The hunt for dark matter will gain a more-than-an-order-of-magnitude boost in detection sensitivity when the next-generation XENON1T detector achieves first light this autumn. The challenges of constructing the world’s largest direct-detection dark-matter experiment and the scientific prospects for the future were presented by project spokesperson Elena Aprile of Columbia University, US, at the April Meeting of the American Physical Society in Maryland last weekend.
The XENON experiment began 10 years ago with XENON10, a 25 kg tank of liquid xenon deep under a mountain at the Gran Sasso National Laboratory in Italy. XENON100 followed in 2008 with 161 kg of liquid xenon and more than a hundred times the sensitivity of its predecessor. As the latest iteration, XENON1T is far more than a “second generation” detector – it contains 3300 kg of xenon and another hundred times the sensitivity of XENON100.
The world’s current limit on the dark-matter interaction rate was set in 2013 by the Large Underground Xenon (LUX) detector in South Dakota – a limit that XENON1T is expected to surpass by about a factor of 40. The goal of most direct-detection dark-matter experiments is to observe a weakly interacting massive dark-matter particle (WIMP) as it scatters off the nucleus of an atom. If dark matter is a particle at all, then WIMPs are our current best candidate. XENON1T has been designed to be particularly good at detecting heavy WIMPs with masses of 50 GeV and above.
Waiting game
“Direct detection is very simply looking for the scattering of a WIMP with a nucleus in a detector, so that we can measure its energy. Our first challenge is that the energy you expect is extremely low,” explains Aprile. While the observation of such scattering events has yet to be confirmed in any detector, physicists can put limits on certain properties of WIMPs by running experiments for several years. Aprile told physicsworld.com that “only a week of data with XENON1T will be sufficient to reach the best limit we have today on the spin-independent WIMP-nucleon cross-section”. Current detectors would have to run for centuries to achieve the same projected sensitivity as XENON1T, which, combined with a planned extension in 2018, will be the most sensitive dark-matter experiment for “quite some time to come”, she says.
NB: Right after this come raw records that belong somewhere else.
Lemma tail_sup_bounds (R : realType) (gamma : nat -> R) (N n : nat) :
  (forall n, (1 <= n)%N -> 0 <= gamma n < 1) ->
  (forall n, (1 <= n)%N -> gamma n.+1 <= gamma n) -> (N <= n)%N ->
  let s := sup [set gamma j.+1 | j in [set j | (N <= j)%N]] in
  gamma n.+1 <= s /\ s < 1.
Proof.
move=> gam gdec Nn s.
have gamma_le m d : (1 <= m)%N -> gamma (m + d)%N <= gamma m.
  move=> m1; elim: d => [|d ih]; first by rewrite addn0.
  by rewrite addnS (le_trans _ ih) // gdec // addn_gt0 m1.
split.
  apply: ub_le_sup; last by exists n.
  by exists 1 => _ [j _ <-]; have /andP[_ /ltW] := gam j.+1 (ltn0Sn j).
apply: (@le_lt_trans _ _ (gamma N.+1)); last by have /andP[] := gam N.+1 (ltn0Sn N).
apply: ge_sup; first by exists (gamma N.+1); exists N => /=.
by move=> _ [j /= Nj <-]; rewrite -(subnKC Nj) -addSn gamma_le.
Qed.

Section Integrals.
Variables (R : realType) (dT : measure_display) (T : measurableType dT).
Variable lam : {measure set T -> \bar R}.

Lemma integrable_dominated (p f : T -> R) (M : R) :
  lam.-integrable setT (EFin \o p) -> measurable_fun setT f ->
  (forall x, `|f x| <= M * p x) -> lam.-integrable setT (EFin \o f).
Proof.
move=> ip mf fle.
apply: (le_integrable measurableT _ _ (integrableZl measurableT M ip)).
  exact/measurable_EFinP.
by move=> x _ /=; rewrite lee_fin (le_trans (fle x)) // ler_norm.
Qed.

Lemma integrable_density (p : T -> R) : measurable_fun setT p -> (forall x, 0 <= p x) ->
  (\int[lam]_x (p x)%:E = 1)%E -> lam.-integrable setT (EFin \o p).
Proof.
move=> mp p0 ip; apply/integrableP; split; first exact/measurable_EFinP.
by under eq_integral do rewrite /= ger0_norm //; rewrite ip ltry.
Qed.

Lemma Rintegral_sum (J : Type) (s : seq J) (F : J -> T -> R) :
  (forall j, lam.-integrable setT (EFin \o F j)) ->
  lam.-integrable setT (EFin \o (fun x => \sum_(j <- s) F j x)) /\
  Rintegral lam setT (fun x => \sum_(j <- s) F j x) = \sum_(j <- s) Rintegral lam setT (F j).
Proof.
move=> iF; elim: s => [|j s [ih eh]].
  split.
    apply: (eq_integrable measurableT (cst 0%E)); last exact: integrable0.
    by move=> x _ /=; rewrite big_nil.
  under eq_Rintegral do rewrite big_nil.
  by rewrite Rintegral_cst // mul0r big_nil.
split.
  apply: (eq_integrable measurableT _ _ _ (integrableD measurableT (iF j) ih)).
  by move=> x _ /=; rewrite big_cons EFinD.
under eq_Rintegral do rewrite big_cons.
by rewrite RintegralD // ?eh ?big_cons.
Qed.

Lemma normr_Rintegral_le_density (p F : T -> R) (e : R) :
  measurable_fun setT p -> (forall x, 0 <= p x) -> (\int[lam]_x (p x)%:E = 1)%E ->
  measurable_fun setT F -> (forall y, `|F y| <= e * p y) ->
  `|Rintegral lam setT F| <= e.
Proof.
move=> mp p0 ip mF Fle; have ipI := integrable_density mp p0 ip.
have Fle' y : `|F y| <= `|e| * p y by rewrite (le_trans (Fle y)) // ler_wpM2r // ler_norm.
apply: le_trans (le_normr_Rintegral measurableT (integrable_dominated ipI mF Fle')) _.
apply: (le_trans (y := Rintegral lam setT (fun y => e * p y))).
  apply: le_Rintegral => //.
  - apply: (integrable_dominated ipI); last by move=> y; rewrite normr_id.
    exact: measurableT_comp (@normr_measurable R setT) mF.
  - apply: (integrable_dominated ipI); first exact: measurable_funM.
    by move=> y; rewrite normrM (ger0_norm (p0 y)).
have Rp : Rintegral lam setT p = 1 by rewrite /Rintegral ip.
by rewrite RintegralZl // Rp mulr1.
Qed.

End Integrals.

Section PiTheta.
Variables (R : realType) (dT : measure_display) (T : measurableType dT).
Variable lam : {measure set T -> \bar R}.
Variables (k : nat) (I : T -> 'I_k) (pi : T -> R).
Hypothesis mI : forall i : 'I_k, measurable (I @^-1` [set i]).
Hypothesis mpi : measurable_fun setT pi.
Hypothesis pi0 : forall x, 0 <= pi x.
Hypothesis ipi : (\int[lam]_x (pi x)%:E = 1)%E.

Let ts := theta_star lam I pi.

Lemma measurable_fun_stratum (h : 'I_k -> R) : measurable_fun setT (fun x => h (I x)).
Proof.
move=> _ Y mY; rewrite setTI.
have -> : (fun x => h (I x)) @^-1` Y = \bigcup_(i in [set i | Y (h i)]) I @^-1` [set i].
  by apply/seteqP; split => x /=; [exists (I x) | case=> i /= Yi ->].
by apply: fin_bigcup_measurable => //; exact: finite_finset.
Qed.

Lemma integrable_pi_le (f : T -> R) (M : R) : measurable_fun setT f ->
  (forall x, `|f x| <= M * pi x) -> lam.-integrable setT (EFin \o f).
Proof. exact: integrable_dominated (integrable_density mpi pi0 ipi). Qed.

Lemma integrable_pi_stratum (f : T -> R) (h : 'I_k -> R) :
  measurable_fun setT f -> (forall x, `|f x| <= 1) ->
  lam.-integrable setT (EFin \o (fun x => f x * (pi x * h (I x)))).
Proof.
move=> mf fb; apply: (@integrable_pi_le _ (\sum_(i < k) `|h i|)).
  by apply: measurable_funM => //; apply: measurable_funM => //; exact: measurable_fun_stratum.
move=> x; rewrite !normrM (ger0_norm (pi0 x)) [leRHS]mulrC mulrCA ler_wpM2l //.
apply: le_trans (ler_piMl _ (fb x)) _ => //.
by rewrite (bigD1 (I x)) //= lerDl sumr_ge0.
Qed.

Lemma theta_starE i : ts i = Rintegral lam setT (fun x => pi x * (I x == i)%:R).
Proof.
rewrite /ts /theta_star Rintegral_mkcond; apply: eq_Rintegral => x _.
rewrite patchE; case: (boolP (x \in _)) => [/set_mem /= -> | /negP hx].
  by rewrite eqxx mulr1.
by case: eqP => [e|_]; [exfalso; apply: hx; exact/mem_set | rewrite mulr0].
Qed.

Lemma Rintegral_pi_stratum (h : 'I_k -> R) :
  Rintegral lam setT (fun x => pi x * h (I x)) = \sum_(i < k) ts i * h i.
Proof.
have mind i : measurable_fun setT (fun x => pi x * (I x == i)%:R).
  by apply: measurable_funM => //; exact: (measurable_fun_stratum (fun j => (j == i)%:R)).
have ind_le i x : `|pi x * (I x == i)%:R| <= pi x.
  rewrite normrM (ger0_norm (pi0 x)).
  by case: (I x == i); rewrite /= ?normr1 ?normr0 ?mulr1 ?mulr0.
have iind i : lam.-integrable setT (EFin \o (fun x => pi x * (I x == i)%:R)).
  by apply: (@integrable_pi_le _ 1 (mind i)) => x; rewrite mul1r ind_le.
have iF i : lam.-integrable setT (EFin \o (fun x => h i * (pi x * (I x == i)%:R))).
  apply: (@integrable_pi_le _ `|h i|); first exact: measurable_funM.
  by move=> x; rewrite normrM ler_wpM2l ?ind_le.
have -> : Rintegral lam setT (fun x => pi x * h (I x)) =
    Rintegral lam setT (fun x => \sum_(i < k) h i * (pi x * (I x == i)%:R)).
  apply: eq_Rintegral => x _; rewrite -(sum_mul_indicator h (I x)) mulr_sumr.
  by apply: eq_bigr => i _; rewrite mulrCA.
have [_ ->] := Rintegral_sum (index_enum 'I_k) iF.
by apply: eq_bigr => i _; rewrite RintegralZl // theta_starE mulrC.
Qed.

Lemma normr_Rintegral_le_stratum (F : T -> R) (h : 'I_k -> R) :
  measurable_fun setT F -> (forall x, `|F x| <= pi x * h (I x)) ->
  `|Rintegral lam setT F| <= \sum_(i < k) ts i * h i.
Proof.
move=> mF Fle; set M := \sum_(i < k) `|h i|.
have hM x : `|h (I x)| <= M by rewrite /M (bigD1 (I x)) //= lerDl sumr_ge0.
have Fle' x : `|F x| <= M * pi x.
  by rewrite (le_trans (Fle x)) // mulrC ler_wpM2r // (le_trans (ler_norm _)).
rewrite -Rintegral_pi_stratum.
apply: le_trans (le_normr_Rintegral measurableT (integrable_pi_le mF Fle')) _.
apply: le_Rintegral => //.
- apply: (@integrable_pi_le _ M); last by move=> x; rewrite normr_id.
  exact: measurableT_comp (@normr_measurable R setT) mF.
- apply: (@integrable_pi_le _ M).
    by apply: measurable_funM => //; exact: measurable_fun_stratum.
  by move=> x; rewrite normrM (ger0_norm (pi0 x)) mulrC ler_wpM2r.
Qed.

Lemma pi_thetaE th x : pi_theta lam I pi th x = pi x * stratum_weight ts th (I x).
Proof.
rewrite /pi_theta (sum_mul_indicator (fun i => pi x / th i)).
by rewrite /stratum_weight /stratum_norm mulrCA.
Qed.

Lemma TV_pi_theta_wl_step_le th g a :
  (forall i, 0 < ts i) -> pos_simplex th -> 0 <= g < 1 ->
  (TV_dist (pi_theta_meas lam I pi th) (pi_theta_meas lam I pi (wl_step th g a))
    <= (2 * g)%:E)%E.
Proof.
move=> ts0 Hth hg; apply/ereal_supP => _ [f [mf fb] <-]; rewrite lee_fin /pi_theta_meas.
set w := stratum_weight ts.
under eq_Rintegral do rewrite pi_thetaE -/w.
under [X in _ - X]eq_Rintegral do rewrite pi_thetaE -/w.
rewrite -RintegralB //; try exact: integrable_pi_stratum.
apply: (le_trans _ (sum_stratum_weight_wl_step_le a ts0 Hth hg)).
apply: (normr_Rintegral_le_stratum (h := fun i => `|w th i - w (wl_step th g a) i|)).
  apply: measurable_funB; apply: measurable_funM => //;
    by apply: measurable_funM => //; exact: measurable_fun_stratum.
move=> x; rewrite -!mulrBr !normrM (ger0_norm (pi0 x)).
by apply: ler_piMl => //; rewrite mulr_ge0.
Qed.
The holy grail in this business is a very low background
Elena Aprile, Columbia University
Apart from the challenge of actually detecting a WIMP, dark-matter detectors must also account for background noise that arises from a variety of sources such as cosmic rays and radioactivity. “Above all, the holy grail in this business is a very low background,” says Aprile. Indeed, XENON1T will have the lowest background rate in the world thanks to the natural shielding of the Earth above the detector, and further shielding from the four metres of water that will surround the xenon tank. The water tank will make it possible to rule out false signals that come from muons as they emit telltale Cherenkov light in water, unlike a WIMP. The xenon tank itself will be equipped with light-catching photomultiplier tubes, specially designed to operate in liquid xenon, to accurately pinpoint a dark-matter interaction.
Cold and pure
Collecting, purifying and storing several thousand kilograms of xenon is a major task in itself. “Running the cryogenics for more than a year has never been done before and is not trivial,” says Aprile. An entirely closed system is vital to preserve every last gram of expensive gas. A new service building attached to the detector will provide the cooling, purification and safe recovery of xenon in the case of any emergency, such as an earthquake.
XENON1T is now in an advanced stage of construction, and detector commissioning is expected to begin this June. First data collection begins this autumn. Our current picture of dark matter includes many different theories and, as Aprile comments, a “zoo of candidates”. XENON1T, and its 2018 expansion into XENONnT, will set the lowest limits yet on dark-matter interaction. She adds that the direct search for dark matter with laboratory detectors is a relatively “cost-efficient field” where modest experiments “have the potential to truly transform our view of the universe”.